Jul 10, 2008

Ouch! File


I've been catching up lately with the work of an old L.A. favorite, solo performer/essayist/Renaissance woman Sandra Tsing Loh. Her latest play-soon-to-be-a-book is Mother on Fire, which among other things is a fascinating cross-section of a struggling post-boomer class of college-educated creative people who fall a few salary zeroes short of "bobo," a defiantly downmarket class I know all too well--firsthand, you might say--whose concerns and discontents are conspicuously under-represented in the well-heeled chattering classes.

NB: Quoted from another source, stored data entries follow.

(* Every element has a unique length-lexicographically least word, its
   normal form.  Call a pair a i allowed when a <= i or {x_a, x_i} is an
   edge.  Adjacent letters of a normal form are allowed (else swap them).
   Conversely, if i m is a normal form and a i is allowed, so is a i m: a
   smaller equivalent word starts with some c < a, and c must be commuted to
   the front past a and then past i, so i < c < a with x_c commuting with
   x_a and x_i.  The numbering of E^oo_8 admits no such triple with x_a and
   x_i adjacent, so x_a and x_i commute, and a i is not allowed.  Hence the
   normal forms of length k+1 starting with x_j are x_j followed by the
   normal forms of length k whose first letter x_i makes j i allowed, i.e.
   i >= max(1, j-1) for j <> 5, and i = 3 or i >= 5 for j = 5. *)

Section TraceEquivalence.

Variables (n : nat) (co : rel 'I_n).
Hypothesis coC : symmetric co.

Definition trace_step (s t : seq 'I_n) : Prop :=
  exists u x y v, [/\ co x y, s = u ++ x :: y :: v & t = u ++ y :: x :: v].

Inductive trace_eq : seq 'I_n -> seq 'I_n -> Prop :=
| trace_eq_refl s : trace_eq s s
| trace_eq_step s t u : trace_step s t -> trace_eq t u -> trace_eq s u.

Lemma trace_step_sym s t : trace_step s t -> trace_step t s.
Proof. by case=> u [x [y [v [Hxy -> ->]]]]; exists u, y, x, v; rewrite coC. Qed.

Lemma trace_eq1 s t : trace_step s t -> trace_eq s t.
Proof. by move=> Hst; apply: trace_eq_step Hst (trace_eq_refl _). Qed.

Lemma trace_eq_trans s t u : trace_eq s t -> trace_eq t u -> trace_eq s u.
Proof. by elim=> // s1 t1 u1 Hst _ IH /IH; apply: trace_eq_step. Qed.

Lemma trace_eq_sym s t : trace_eq s t -> trace_eq t s.
Proof.
elim=> [s1|s1 t1 u1 Hst _ IH]; first exact: trace_eq_refl.
exact: trace_eq_trans IH (trace_eq1 (trace_step_sym Hst)).
Qed.

Lemma trace_eq_size s t : trace_eq s t -> size s = size t.
Proof. by elim=> // s1 t1 u1 [u [x [y [v [_ -> ->]]]]] _ <-; rewrite !size_cat. Qed.

Lemma trace_eq_catl a s t : trace_eq s t -> trace_eq (a ++ s) (a ++ t).
Proof.
elim=> [s1|s1 t1 u1 [u [x [y [v [Hxy -> ->]]]]] _ IH]; first exact: trace_eq_refl.
by apply: trace_eq_step IH; exists (a ++ u), x, y, v; rewrite !catA.
Qed.

Lemma trace_eq_cons a s t : trace_eq s t -> trace_eq (a :: s) (a :: t).
Proof. exact: (@trace_eq_catl [:: a]). Qed.

Lemma trace_eq_swap u x y v :
  co x y -> trace_eq (u ++ x :: y :: v) (u ++ y :: x :: v).
Proof. by move=> Hxy; apply: trace_eq1; exists u, x, y, v. Qed.

Lemma trace_eq_move_front c s t :
  all (co c) s -> trace_eq (s ++ c :: t) (c :: s ++ t).
Proof.
elim: s => [|a s IH] /=; first by move=> _; apply: trace_eq_refl.
case/andP=> Hca /IH Hs; apply: trace_eq_trans (trace_eq_cons a Hs) _.
by apply: (@trace_eq_swap [::]); rewrite coC.
Qed.

Definition front_split c w s t :=
  [/\ w = s ++ c :: t, c \notin s & all (co c) s].

Lemma front_split_step w w' c s' t' : trace_step w w' -> front_split c w' s' t' ->
  exists s t, front_split c w s t /\ trace_eq (s' ++ t') (s ++ t).
Proof.
case=> u [x [y [r [Hxy -> ->]]]] [].
elim: u s' => [|a u IH] [|d s'] /=.
- case=> <- <- _ _; have [->|Hxc] := eqVneq x y.
    by exists [::], (y :: r); split; [|apply: trace_eq_refl].
  exists [:: x], r; split; last exact: trace_eq_refl.
  split=> //=; first by rewrite inE eq_sym.
  by rewrite coC Hxy.
- case=> <-; case: s' => [|e s''] /=.
    case=> -> ->; rewrite inE => Hyc /andP[Hcy _].
    by exists [::], (y :: t'); split; [|apply: trace_eq_refl].
  case=> <- ->; rewrite !inE !negb_or => /and3P[Hyc Hxc Hs''] /and3P[Hcy Hcx Hcs].
  exists [:: x, y & s''], t'; split.
    by split; rewrite //= ?inE ?negb_or ?Hxc ?Hyc ?Hs'' ?Hcx ?Hcy.
  by apply: (@trace_eq_swap [::]); rewrite coC.
- case=> -> <- _ _; exists [::], (u ++ [:: x, y & r]); split=> //.
  by apply: trace_eq_sym; apply: trace_eq_swap.
- case=> -> /IH {}IH; rewrite inE negb_or => /andP[Had Hs'] /andP[Hca Hcs].
  have [s [t [[-> Hcs1 Hall] Est]]] := IH Hs' Hcs.
  exists (d :: s), t; split; last exact: trace_eq_cons.
  by split; rewrite //= ?inE ?negb_or ?Had ?Hca.
Qed.

Lemma trace_eq_consP w c v : trace_eq w (c :: v) ->
  exists s t, front_split c w s t /\ trace_eq v (s ++ t).
Proof.
move Ecv: (c :: v) => cv Hw; elim: Hw v Ecv => [s|w1 w2 u Hst _ IH] v Ev.
  by exists [::], v; rewrite -Ev; split; [|apply: trace_eq_refl].
have [s' [t' [Hsplit Ev']]] := IH v Ev.
have [s [t [Hsplit' Est]]] := front_split_step Hst Hsplit.
by exists s, t; split=> //; apply: trace_eq_trans Ev' Est.
Qed.

Lemma trace_eq_seq1 x v : trace_eq [:: x] v -> v = [:: x].
Proof.
move E: [:: x] => s Hs; elim: Hs E => // s1 t1 u1 [u [y [z [r [_ -> _]]]]] _ _.
by case: u => [|? [|? ?]].
Qed.

End TraceEquivalence.

Lemma lexle_refl s : lexle s s.
Proof. by elim: s => //= a s ->; rewrite eqxx orbT. Qed.

Lemma lexle_total s t : lexle s t || lexle t s.
Proof.
elim: s t => [|a s IH] [|c t] //=.
by case: (ltngtP a c) => //= ->; rewrite eqxx IH.
Qed.
(* Let $k\ge 2$ be an integer that is not a prime power. Then there are infinitely many integers $m$ such that $\mathcal F_k^{(m)}$ contains a vertex of level $m$ that is isolated in $\mathcal F_k^{(m)}$.
   Context: The vertex set $V$ consists of all reduced fractions $p/q$ with $p,q\in\mathbb Z$, $\gcd(p,q)=1$, together with $1/0$; here $p/q$ and $(-p)/(-q)$ denote the same vertex. For vertices define $d(p/q,a/b)=|pb-qa|$. The graph $\mathcal F_k$ has vertex set $V$, with an edge between $p/q$ and $a/b$ exactly when $d(p/q,a/b)=k$. The level of a vertex $p/q$ is $\max\{|p|,|q|\}$. For $m\in\mathbb N$, $\mathcal F_k^{(m)}$ is the subgraph of $\mathcal F_k$ induced on the vertices of level at most $m$. A prime power means $p^\ell$ with $p$ prime and $\ell>0$. *)

From mathcomp Require Import all_boot all_order all_algebra.
Set Implicit Arguments. Unset Strict Implicit. Unset Printing Implicit Defensive.
Import Order.TTheory GRing.Theory Num.Theory.
Local Open Scope ring_scope.

(* A vertex p/q is represented by a pair (p, q) of coprime integers.
   The pairs (p,q) and (-p,-q) denote the same vertex; all notions below
   (d, level) are invariant under this sign change, so working with pairs
   is harmless. 1/0 is the pair (1,0) (or (-1,0)). *)
Definition is_vertex (v : int * int) : bool := gcdz v.1 v.2 == 1.

Definition level (v : int * int) : nat := maxn (absz v.1) (absz v.2).

Definition fdist (v w : int * int) : nat := absz (v.1 * w.2 - v.2 * w.1)%R.

Definition isolated_in_Fkm (k m : nat) (v : int * int) : Prop :=
  forall w : int * int, is_vertex w -> (level w <= m)%N -> fdist v w <> k.

Definition prime_power (k : nat) : Prop :=
  exists p l : nat, prime p /\ (0 < l)%N /\ k = (p ^ l)%N.

(* Write k = a b with a, b > 1 coprime, and take m = a + b s with s > 0 and the
   vertex m/(-b), of level m.  A neighbour x/y would satisfy m y + b x = +-ab.
   Reducing modulo b and modulo a gives y = b v and x + s y = a u with
   u + v = +-1; primitivity of x/y excludes u = 0 and v = 0, so u and v have
   opposite signs and one of them has absolute value at least 2, whence
   |x| = a|u| + b s|v| > m. *)

From mathcomp Require Import all_boot all_order all_algebra.
From mathcomp Require Import zify ring.
Import GRing.Theory Num.Theory.
Local Open Scope ring_scope.

Lemma coprime_factors_of_non_prime_power (k : nat) :
  (1 < k)%N -> ~ prime_power k ->
  exists a b : nat, [/\ (1 < a)%N, (1 < b)%N, coprime a b & k = (a * b)%N].
Proof.
move=> k_gt1 not_pp.
have k_gt0 : (0 < k)%N by apply: ltnW.
have p_pr := pdiv_prime k_gt1; set p := pdiv k in p_pr *.
have [b cop_pb kE] := pfactor_coprime p_pr k_gt0.
have l_gt0 : (0 < logn p k)%N by rewrite logn_gt0 mem_primes p_pr k_gt0 pdiv_dvd.
exists (p ^ logn p k)%N, b; split.
- by rewrite -(expn0 p) ltn_exp2l ?prime_gt1.
- have b_gt0 : (0 < b)%N by move: k_gt0; rewrite kE muln_gt0 => /andP[].
  rewrite ltn_neqAle b_gt0 andbT eq_sym; apply/eqP => b1.
  by apply: not_pp; exists p, (logn p k); do 2!split => //; rewrite {1}kE b1 mul1n.
- by rewrite coprimeXl // coprime_sym.
- by rewrite mulnC.
Qed.

Lemma opposite_signs_lincomb_gt (a c u v : int) :
  0 < a -> 0 < c -> u != 0 -> v != 0 -> `|u + v| = 1 ->
  a + c < `|a * u - c * v|.
Proof.
move=> ha hc hu hv huv.
have : (u <= -2 /\ 1 <= v \/ u <= -1 /\ 2 <= v) \/ (2 <= u /\ v <= -1 \/ 1 <= u /\ v <= -2).
  lia.
case=> [[]|[]] [u' v'].
all: nia.
Qed.

Lemma gcdz_neq1_of_dvd (d x y : int) :
  (1 < `|d|)%N -> (d %| x)%Z -> (d %| y)%Z -> gcdz x y != 1.
Proof.
move=> hd dx dy; apply/eqP => g.
have : (d %| gcdz x y)%Z by rewrite dvdz_gcd dx dy.
by rewrite g dvdz1 => /eqP; lia.
Qed.

Lemma dvdz_lincomb_coprime (a b y z : int) :
  coprimez a b -> (a %| a * y + b * z)%Z -> (a %| z)%Z.
Proof.
move=> cop_ab dvd_sum.
rewrite -(Gauss_dvdzr _ cop_ab) (_ : b * z = a * y + b * z - a * y); last by ring.
by rewrite rpredB // dvdz_mulr.
Qed.

Lemma primitive_solution_abs_gt (a b s x y : int) :
  1 < a -> 1 < b -> 0 < s -> coprimez a b -> gcdz x y = 1 ->
  `|(a + b * s) * y + b * x| = a * b -> a + b * s < `|x|.
Proof.
move=> a_gt1 b_gt1 s_gt0 cop_ab gcd_xy.
set t := (a + b * s) * y + b * x => t_ab.
have ab_dvd_t : (a * b %| t)%Z.
  by rewrite dvdzE (_ : absz t = absz (a * b)) ?dvdnn //; lia.
have /dvdzP[v yE] : (b %| y)%Z.
  apply: (@dvdz_lincomb_coprime b (a + b * s) x y).
    by rewrite /coprimez (addrC a) mulrC gcdzMDl -/(coprimez b a) coprimez_sym.
  by rewrite addrC; apply: dvdz_trans ab_dvd_t; apply: dvdz_mull.
have /dvdzP[u zE] : (a %| x + s * y)%Z.
  apply: (@dvdz_lincomb_coprime a b y); first exact: cop_ab.
  rewrite (_ : a * y + b * (x + s * y) = t); last by rewrite /t; ring.
  by apply: dvdz_trans ab_dvd_t; apply: dvdz_mulr.
have xE : x = a * u - b * s * v by rewrite -[x](addrK (s * y)) zE yE; ring.
have uv1 : `|u + v| = 1.
  have tE : t = a * b * (u + v) by rewrite /t xE yE; ring.
  by move: t_ab; rewrite tE normrM; nia.
have [u0|u_neq0] := eqVneq u 0.
  suff : gcdz x y != 1 by rewrite gcd_xy.
  apply: (@gcdz_neq1_of_dvd b); first by lia.
    by apply/dvdzP; exists (- s * v); rewrite xE u0; ring.
  by apply/dvdzP; exists v.
have [v0|v_neq0] := eqVneq v 0.
  suff : gcdz x y != 1 by rewrite gcd_xy.
  apply: (@gcdz_neq1_of_dvd a); first by lia.
    by apply/dvdzP; exists u; rewrite xE v0; ring.
  by rewrite yE v0 mul0r dvdz0.
rewrite xE; apply: opposite_signs_lincomb_gt => //; first by lia.
by rewrite mulr_gt0 //; lia.
Qed.

Lemma isolated_vertex_of_coprime_factors (a b s : nat) :
  (1 < a)%N -> (1 < b)%N -> (0 < s)%N -> coprime a b ->
  isolated_in_Fkm (a * b) (a + b * s) (Posz (a + b * s), - Posz b).
Proof.
move=> a_gt1 b_gt1 s_gt0 cop_ab [x y] /eqP /= gcd_xy; rewrite /level /fdist /= => level_w dist.
have := @primitive_solution_abs_gt a b s x y.
rewrite gcd_xy /coprimez {1}/gcdz /= (eqP cop_ab).
lia.
Qed.

Theorem proposition4p9 (k : nat) :
  (2 <= k)%N -> ~ prime_power k ->
  forall N : nat, exists m : nat, (N < m)%N /\
    exists v : int * int, is_vertex v /\ level v = m /\ isolated_in_Fkm k m v.
Proof.
move=> k_gt1 not_pp N.
have [a [b [a_gt1 b_gt1 cop_ab ->]]] := coprime_factors_of_non_prime_power _ k_gt1 not_pp.
exists (a + b * N.+1)%N; split; first by nia.
exists (Posz (a + b * N.+1), - Posz b); split; [|split].
- by rewrite /is_vertex /= gcdzN /gcdz /= addnC mulnC gcdnC gcdnMDl gcdnC.
- by rewrite /level /=; apply/maxn_idPl; nia.
- exact: isolated_vertex_of_coprime_factors.
Qed.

There's a lot of great Loh material worth linking to (a great place to start), but this interview in the Pittsburgh Post & Gazette last year is frank, funny, and illuminating (including on the topic of why this class of average arty-smarty folks is so poorly represented). And then, near the end, this passage packed a sting of recognition:
I've come to a point in my career that my art is just a burden that my friends have to shoulder, where you go, "I'm doing another play!" And they go, "Oh no!" How useful is it really to make art and who really cares? We always had that thing of writers sending out short stories to literary magazines that nobody reads. I have to have art that speaks to my community, so I'm reexamining the whole notion of how great it is to be an artist. Not that I don't enjoy it.

Her interlocutor puts it well: Loh's "lack of self-pity is striking." I'd call it devastating.